The US Senate has voted 52-47 to confirm the controversial Alabama Senator Jeff Sessions as US attorney general.

The vote on Wednesday (8 February) largely fell along party lines after a bitter battle by Democrats to derail the nomination.

Senator Joe Manchin of West Virginia was the lone Democrat to vote for confirmation.

The confirmation of Sessions by a Republican-led Senate was quickly blasted by LGBTI and other civil rights organizations.

Lambda Legal, the oldest and largest US non-profit legal organization working for LGBTI rights, called it a ‘travesty.’

‘The chief lawyer of the United States is now someone who has devoted his whole life to obstructing civil rights,’ said Lambda Legal CEO Rachel B. Tiven.

‘He is a life-long opponent of the civil rights of LGBT people, people of color, women and immigrants. Sadly, we have no confidence in his commitment to enforcing the law and protecting the civil rights of everyone in this country.

‘The Republican-led Senate may have disregarded Sessions’ troubling track record, but we know it all too well,’ Tiven added.

‘Jeff Sessions is a dire threat to our civil rights. He is an opponent of marriage equality and a dogged foe of immigrants and refugees – even LGBT people fleeing persecution. I have personally seen him be rude and dismissive toward LGBT families.’

As a US senator, Sessions opposed all major bills bringing equal rights for the LGBTI community.

He voted in favor of the Marriage Protection Amendment, which would’ve seen an amendment added into the constitution to define marriage between a man and a woman.

In 2015, shortly after marriage equality was made a constitutional right, Sessions called the ruling wrong and said same-sex couples could just ‘call themselves married’ without having legal recognition.
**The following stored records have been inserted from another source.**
Lemma alt_colours_neq i :
  [/\ alt_colour1 i != i, alt_colour2 i != i & alt_colour2 i != alt_colour1 i].
Proof. by rewrite /alt_colour1 /alt_colour2; case: i => [|[|[|]]]. Qed.

Lemma grid_rank_lt n k i t : 4 <= n -> t < n -> grid_rank n k i t < n.-1.
Proof.
move=> n_ge4 t_lt; have := ltn_pmod t (_ : 0 < n - 2).
have : t %/ (n - 2) <= 1 by rewrite -ltnS ltn_divLR; lia.
by rewrite /grid_rank; case: ifP => _; [|case: ifP => _; [|case: ifP]]; lia.
Qed.

Lemma grid_rank_eq0 n k i t : (grid_rank n k i t == 0) = (k == i).
Proof. by rewrite /grid_rank; case: ifP => // _; do 2?case: ifP. Qed.

Lemma grid_rank_sep n k i t j u :
  (i != j) || (t != u) -> grid_colour n i t j u = k ->
  grid_rank n k i t != grid_rank n k j u.
Proof.
rewrite /grid_colour; case: (eqVneq i j) => [<-{j} /= tu|ij /= _ <-].
  have [ne1 ne2 ne21] := alt_colours_neq i.
  rewrite /grid_rank; case: eqP => [eq_mod|/eqP neq_mod] <-.
    rewrite (negbTE ne2) (negbTE ne21) eqxx eqSS.
    apply: contra tu => /eqP eq_div.
    by rewrite (divn_eq t (n - 2)) (divn_eq u (n - 2)) eq_div eq_mod.
  by rewrite (negbTE ne1) eqxx eqSS.
apply/eqP => eq_rank.
have := grid_rank_eq0 n (minn i j) i t; rewrite eq_rank grid_rank_eq0.
case: leqP => _; rewrite eqxx; [|move/esym]; move/eqP=> eq_ij;
  by move: ij; rewrite eq_ij eqxx.
Qed.

Lemma grid_pattern n r :
  4 <= n -> block_pattern (@nat_pattern r n (grid_colour n)).
Proof.
move=> n_ge4.
apply: block_pattern_nat => [i t j u|i t j u ir jr|i t u _|k h h_inj].
- rewrite /grid_colour eq_sym minnC; case: (eqVneq j i) => [->|//] /=.
  by rewrite eq_sym.
- rewrite /grid_colour /alt_colour1 /alt_colour2; case: ifP => _; first lia.
  by do 2!case: ifP.
- by rewrite /grid_colour eqxx /=; have [? ? _] := alt_colours_neq i; case: ifP.
apply: (@clique_free_of_rank n _ _
  (fun x y : 'I_r.+3 * 'I_n => grid_colour n x.1 x.2 y.1 y.2)
  (fun k x => grid_rank n k x.1 x.2)) => //.
- lia.
- by move=> x; apply: grid_rank_lt.
- by move=> x y /pair_neq; apply: grid_rank_sep.
Qed.

(* On blocks 0, 1, 2 this is just one of many 3-colourings of K_9 that have no
   monochromatic triangle and no colour-i edge inside block i; it is checked
   exhaustively in triangle_colour_free_small. *)
Definition triangle_colour (i t j u : nat) : nat :=
  if i == j then (if t + u < 3 then i + 2 else i + 1) %% 3
  else if (i < 3) && (j < 3) then
    (i * j + i * t + j * u + 2 * (i * u + j * t)) %% 3
  else maxn i j.

Lemma triangle_colour_free_small i1 t1 i2 t2 i3 t3 :
  i1 < 3 -> t1 < 3 -> i2 < 3 -> t2 < 3 -> i3 < 3 -> t3 < 3 ->
  (i1 != i2) || (t1 != t2) -> (i1 != i3) || (t1 != t3) ->
  (i2 != i3) || (t2 != t3) ->
  triangle_colour i1 t1 i2 t2 = triangle_colour i1 t1 i3 t3 ->
  triangle_colour i1 t1 i2 t2 = triangle_colour i2 t2 i3 t3 -> False.
Proof.
by case: i1 => [|[|[|?]]] //; case: t1 => [|[|[|?]]] //;
  case: i2 => [|[|[|?]]] //; case: t2 => [|[|[|?]]] //;
  case: i3 => [|[|[|?]]] //; case: t3 => [|[|[|?]]].
Qed.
In the past he twice voted against an amendment to include sexual orientation in the definition of hate crimes and wanted to end special funding for businesses running by minorities and women.

Sessions also opposed repealing Don’t Ask, Don’t Tell, which forced LGBTIs serving in the US military to remain in the closet or risk losing their jobs.

This year also marks 30 years since he was denied a federal judgeship because he was, as the Huffington Post reported, deemed ‘too racist’.